Customized alert system

  • Provided various rules, threshold, and checking interval, users can create application-specific alerting tailored to their specific needs. alert

Getting Started

  1. Sign up an account in FalconEye, or or you can use the test account below:

    Testing Account
    Email a186235@gmail.com
    Password 1234
    • you can look some example issues and dashboard in the account.
    • Trying to install the example project and experience how FalconEye capturing errors.
    • If you want to capture errors by yourself, following steps below.
  2. Create a project on projects page, and:

    • Get user key & client token

      Get user key Get client token
  3. Set up FalconEye SDK in your application runtime

    • Install

      npm i @falconeye-tech/sdk
      
    • Configure

      import fe from "@falconeye-tech/sdk";
      
      const er = new fe();
      
      await er.init({
        apiHost: "https://handsomelai.shop",
        userKey: "",
        clientToken: "",
      });
    • Usage

      app.use(er.requestHandler());
      
      app.get("/typeError", async (req, res, next) => {
        try {
          console.logg("Hi");
        } catch (e) {
          next(e);
        }
      });
      
      // ... routes
      
      app.use(er.errorHandler());
      
      // Global error handler
      app.use((err, req, res, next) => {
        res.status(error.statusCode).json({
          error: error.message,
        });
      });
  4. Built and upload source map file by FalconEye wizard(optional)

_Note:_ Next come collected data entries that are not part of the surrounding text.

(* Let $K$ be a field, $V$ an infinite dimensional $K$-vector space with countable basis, $R:=\mathrm{End}_K(V)$, $\mathcal C:=\{\varphi\in R\mid\dim_K\mathrm{im}(\varphi)<\infty\}$ and $\mathcal F:=\{\varphi\in R\mid \dim_K\ker(\varphi)<\infty,\ \dim_K\mathrm{coker}(\varphi)<\infty\}$. Then: (1) $\mathrm{Ass}_l(R)=\mathrm{Ass}_r(R)=\mathrm{Ass}(R)=\{0,\mathcal C\}$; (2) $S_{l,0}(R)=S_{r,0}(R)=S_0(R)=\mathrm{Aut}_K(V)$ and $Q_l(R)=Q_r(R)=Q(R)=R$; (3) $S_{l,\mathcal C}(R)=S_{r,\mathcal C}(R)=S_{\mathcal C}(R)=\mathcal F$ and $Q_{l,\mathcal C}(R)=Q_{r,\mathcal C}(R)=Q_{\mathcal C}(R)=R/\mathcal C$; (4) $\mathrm{maxAss}_l(R)=\mathrm{maxAss}_r(R)=\mathrm{maxAss}(R)=\{\mathcal C\}$; (5) $R/\mathcal C$ is a localization maximal ring and a left (resp. right; left and right) localization maximal ring.
   Context: Rings are associative with $1$. A multiplicatively closed subset $S$ ($1\in S$, $0\notin S$) is a left Ore set if $Sr\cap Rs\ne\emptyset$ for all $r,s$ ($s\in S$); a left denominator set if moreover $rs=0$ ($s\in S$) implies $tr=0$ for some $t\in S$; right Ore/right denominator sets are defined symmetrically; a denominator set is one that is both a left and a right denominator set. For a left (resp. right) denominator set $S$, $\mathrm{ass}_l(S)=\{r\mid sr=0\text{ some }s\in S\}$ (resp. $\mathrm{ass}_r(S)=\{r\mid rs=0\text{ some }s\in S\}$); for a denominator set these coincide, $\mathrm{ass}(S)$. $\mathrm{Ass}_l(R)$, $\mathrm{Ass}_r(R)$, $\mathrm{Ass}(R)$ are the sets of ideals $\mathrm{ass}$ of left denominator sets, right denominator sets, denominator sets respectively, and $\mathrm{maxAss}_l,\mathrm{maxAss}_r,\mathrm{maxAss}$ their sets of maximal elements under inclusion. For an ideal $\mathfrak a$ in the relevant set, $S_{l,\mathfrak a}(R)$ (resp. $S_{r,\mathfrak a}(R)$, $S_{\mathfrak a}(R)$) is the largest left denominator set (resp. right denominator set, denominator set) $S$ with $\mathrm{ass}(S)=\mathfrak a$ (they exist), and $Q_{l,\mathfrak a}(R)=S_{l,\mathfrak a}(R)^{-1}R$, $Q_{r,\mathfrak a}(R)=RS_{r,\mathfrak a}(R)^{-1}$, $Q_{\mathfrak a}(R)=S_{\mathfrak a}(R)^{-1}R$; for $\mathfrak a=0$ write $S_{l,0},Q_l$, $S_{r,0},Q_r$, $S_0,Q$. A ring $A$ is left (resp. right) localization maximal if $Q_l(A)=A$ and $\mathrm{Ass}_l(A)=\{0\}$ (resp. $Q_r(A)=A$, $\mathrm{Ass}_r(A)=\{0\}$); left and right localization maximal if both hold; localization maximal if $Q(A)=A$ and $\mathrm{Ass}(A)=\{0\}$. *)

From HB Require Import structures.
From mathcomp Require Import all_boot all_algebra.
From mathcomp Require Import boolp classical_sets.
(* Let $\lambda>0$, let $(\mathbf{l}_n)_{n\in\mathbb{N}^+}$ be a sequence with $\mathbf{l}_n\in[-1,1]$, and let $(a_n)_{n\in\mathbb{N}^+}$ be a sequence of positive integers with $a_{n+1}>a_n$. Suppose that $\sum_{n=1}^{\infty}e^{-\mathbf{l}_n a_n t}$ is majorized by $t^{-\lambda}$ as $t\to0^+$ (i.e. there is $C>0$ with $\sum_{n=1}^{\infty}e^{-\mathbf{l}_n a_n t}\le C t^{-\lambda}$ for all sufficiently small $t>0$). Then the Euler product $$\prod_{n=1}^{\infty}\frac{1}{1-\mathbf{l}_n a_n^{-s}}$$ admits an analytic continuation to the half-plane $\Re(s)>\max(1/2,\lambda)$ having no zeros and no singularities there.
   Context: For $a>0$, $a^{-s}=e^{-s\ln a}$. *)

From Stdlib Require Import Reals List.
From Coquelicot Require Import Coquelicot.
Open Scope R_scope.

Definition cexp (z : C) : C :=
  (exp (Re z) * cos (Im z), exp (Re z) * sin (Im z)).

Definition cpow_neg (a : R) (s : C) : C := cexp (- s * RtoC (ln a)).

Fixpoint cprod (f : nat -> C) (N : nat) : C :=
  match N with
  | O => 1%C
  | S N' => (cprod f N' * f N')%C
  end.

Definition euler_factor (l : R) (a : nat) (s : C) : C :=
  (/ (1 - RtoC l * cpow_neg (INR a) s))%C.

Definition holomorphic_on (U : C -> Prop) (F : C -> C) : Prop :=
  forall z, U z -> ex_derive (K := C_AbsRing) (V := C_NormedModule) F z.

(* Testing the majorant at t = 1 / a_n gives n + 1 <= e C a_n^lambda, so a_n grows at least
   like n^(1/lambda) and sum_n (1 + ln a_n)^2 a_n^(-sigma) converges for every sigma > lambda.
   Near s0 with Re s0 > lambda write the n-th factor as 1 / (1 - w_n(s)), w_n(s) = l_n a_n^(-s).
   As |1 - w_n| stays bounded below on a disc, the factor's distance to 1, its Lipschitz constant
   and its second-order Taylor remainder are bounded by a_n^(-sigma), (ln a_n) a_n^(-sigma) and
   (ln a_n)^2 a_n^(-sigma) up to constants, for some lambda < sigma < Re s0.  Summable bounds of
   this shape make the partial products converge to a nonzero limit, and their product-rule
   derivatives converge too, which gives complex differentiability. *)

From Stdlib Require Import Reals Lra Lia ClassicalEpsilon.
From Coquelicot Require Import Coquelicot.
Open Scope R_scope.

(* [psum b N] sums the first N terms, whereas Coquelicot's [sum_n b N] sums N + 1. *)
Fixpoint psum (b : nat -> R) (N : nat) : R :=
  match N with O => 0 | S N' => psum b N' + b N' end.

Definition summable (b : nat -> R) : Prop :=
  (forall n, 0 <= b n) /\ exists M, forall N, psum b N <= M.

Lemma psum_ge0 b : (forall n, 0 <= b n) -> forall N, 0 <= psum b N.
Proof. intros Hb N; induction N; simpl; [lra | specialize (Hb N); lra]. Qed.

Lemma psum_le_psum b m n : (forall k, 0 <= b k) -> (m <= n)%nat -> psum b m <= psum b n.
Proof. intros Hb Hmn; induction Hmn; [lra | simpl; specialize (Hb m0); lra]. Qed.

Lemma sum_n_psum (b : nat -> R) N : sum_n b N = psum b (S N).
Proof.
  induction N; [rewrite sum_O; simpl; lra |].
  rewrite sum_Sn, IHN. simpl. unfold plus; simpl. lra.
Qed.

Lemma summable_ex_series b : summable b -> ex_series b.
Proof.
  intros [Hb [M HM]].
  assert (H : ex_finite_lim_seq (sum_n b)).
  { apply ex_finite_lim_seq_incr with M.
    - intros n. rewrite !sum_n_psum. simpl. specialize (Hb (S n)). lra.
    - intros n. rewrite sum_n_psum. apply HM. }
  destruct H as [s Hs]. exists s. exact Hs.
Qed.

Lemma summable_scal K b : 0 <= K -> summable b -> summable (fun n => K * b n).
Proof.
  intros HK [Hb [M HM]]; split.
  - intros n; specialize (Hb n); nra.
  - exists (K * M). intros N.
    assert (E : psum (fun n => K * b n) N = K * psum b N)
      by (induction N; simpl; [ring | rewrite IHN; ring]).
    rewrite E. specialize (HM N). nra.
Qed.

Lemma summable_plus b c : summable b -> summable c -> summable (fun n => b n + c n).
Proof.
  intros [Hb [M HM]] [Hc [M' HM']]; split.
  - intros n; specialize (Hb n); specialize (Hc n); lra.
  - exists (M + M'). intros N.
    assert (E : psum (fun n => b n + c n) N = psum b N + psum c N)
      by (induction N; simpl; [ring | rewrite IHN; ring]).
    rewrite E. specialize (HM N); specialize (HM' N); lra.
Qed.

Lemma summable_ext b c : (forall n, b n = c n) -> summable b -> summable c.
Proof.
  intros E [Hb [M HM]]. split; [intros n; rewrite <- E; auto |].
  exists M. intros N. replace (psum c N) with (psum b N); auto.
  induction N; simpl; congruence.
Qed.

Lemma summable_le_eventually b u N0 : summable u -> (forall n, 0 <= b n) ->
  (forall n, (N0 <= n)%nat -> b n <= u n) -> summable b.
Proof.
  intros [Hu [M HM]] Hb Hbu; split; auto.
  exists (psum b N0 + M). intros N.
  assert (H : psum b N <= psum b N0 + psum u N).
  { induction N as [|N IH]; simpl.
    - pose proof (psum_ge0 b Hb N0). lra.
    - destruct (Compare_dec.le_lt_dec N0 N) as [HN|HN].
      + specialize (Hbu N HN). lra.
      + pose proof (psum_le_psum b (S N) N0 Hb HN). simpl in *.
        pose proof (psum_ge0 u Hu N). specialize (Hu N). lra. }
  specialize (HM N); lra.
Qed.

Lemma summable_le_scal b T K : summable T -> 0 <= K ->
  (forall n, 0 <= b n <= K * T n) -> summable b.
Proof.
  intros HT HK Hb. apply summable_le_eventually with (fun n => K * T n) O.
  - apply summable_scal; auto.
  - apply Hb.
  - intros n _; apply Hb.
Qed.

Definition tends (x : nat -> C) (v : C) : Prop :=
  forall eps, 0 < eps -> exists N0, forall N, (N0 <= N)%nat -> Cmod (x N - v)%C < eps.

Lemma tends_filterlim x v : tends x v -> filterlim x eventually (locally v).
Proof.
  intros Ht P [eps HP]. destruct (Ht eps (cond_pos eps)) as [N0 HN].
  exists N0. intros n Hn. apply HP, C_NormedModule_mixin_compat1, HN; auto.
Qed.

Lemma sqrt2_lt_2 : sqrt 2 < 2.
Proof. rewrite <- (sqrt_square 2) at 2 by lra. apply sqrt_lt_1; lra. Qed.

Lemma tends_of_summable_increments (x : nat -> C) b : summable b ->
  (forall N, Cmod (x (S N) - x N)%C <= b N) -> exists v, tends x v.
Proof.
  intros Hb Hx.
  set (e := fun N => (x (S N) - x N)%C).
  assert (He : ex_series e).
  { apply (ex_series_le (K := C_AbsRing) (V := C_CompleteNormedModule)) with b.
    - intros n. apply Hx.
    - apply summable_ex_series; auto. }
  destruct He as [s Hs].
  assert (Htel : forall N, x (S N) = (x O + sum_n e N)%C).
  { induction N.
    - rewrite sum_O. unfold e. ring.
    - rewrite sum_Sn. change (x (S (S N)) = (x O + (sum_n e N + e (S N)))%C).
      rewrite Cplus_assoc, <- IHN. unfold e. ring. }
  exists (x O + s)%C. intros eps Heps.
  assert (Heps2 : 0 < eps / 2) by lra.
  destruct (proj1 (filterlim_locally (F := eventually) (sum_n e) s) Hs (mkposreal _ Heps2))
    as [N0 HN0].
  exists (S N0). intros [|N] HN; [lia |].
  specialize (HN0 N ltac:(lia)).
  apply C_NormedModule_mixin_compat2 in HN0. simpl in HN0.
  rewrite Htel.
  replace (x O + sum_n e N - (x O + s))%C with (minus (sum_n e N) s)
    by (unfold minus, plus, opp; simpl; ring).
  pose proof sqrt2_lt_2.
  assert (sqrt 2 * (eps / 2) < eps) by nra.
  apply Rlt_trans with (sqrt 2 * (eps / 2)); [exact HN0 | lra].
Qed.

    If you want to know actual location in the source codes about the errors, you need to do steps below:

    • Run wizard
    npx @falconeye-tech/wizard wizard
    

Architecture

System design

To enhance system scalability and fault tolerance, FalconEye implemented a strategy of decomposing its monolithic server into multiple services, with each one focusing on a specific, simple functionality.

  1. Gateway server: Its role is not only to receive and authenticate client requests, but also as a producer, enqueuing the corresponding tasks into Apache Kafka.

  2. Kafka Service: Serves as a mediator between the Gateway Server and other services, storing error log data and tasks for scheduled checks of alert rules.

  3. Event service: a consumer to pull and process event data from Kafka

  4. Notification service: a consumer to pull and check alert rule from Kafka

Features

  • Enhanced the scalability by decomposing notification and event process features into distinct Fastify services, optimizing resource allocation.
  • Improved system scalability by setting up AWS EventBridge and Lambda for automated task handling and alert checks in the notification service.
  • Optimized system efficiency and job handling capacity by integrating Apache Kafka for asynchronously processing high-throughput event and notification tasks.
  • All services in the project are containerized using Docker, increasing system portability.

Load test

To test the system's stability under long-term data uploading and writing scenarios, I used K6 to conduct the following test plan.

Test program

Warming up phase: increase to 100 virtual users in 1 minute.

Phase 1: maintain 100 virtual users in 3 minutes.

Increase load: increase to N virtual users in 1 minute.

Phase 2: maintain N virtual users in 3 minutes.

Cooling down phase: increase to N virtual users in 1 minute.

Result

VUs(p1/p2) machine type (gateway/ kafka) failed RPS gateway server CPU usage (min/max) consumer+kafka CPU usage (min/max)
100/400 t2.micro/t2.small 0.00% 151 70/100 40/92
100/400 2 * t2.micro/t2.small 0.00% 160 50/100 45/100
100/600 t2.micro/t2.small 2.42% 131 70/100 40/100
100/600 t3.micro/t2.small 0.16% 198.5 70/100 40/100
100/600 t3.micro/t2.small NA NA 50/- 40/-

Monitoring

monitor

  • Attained high availability by Monitoring system (CPU, RAM, and disk usage) and specific (Kafka) metrics for each EC2 instance via Prometheus and Grafana servers.

schema

table schema

License

This project is licensed under the MIT License - see the LICENSE file for details.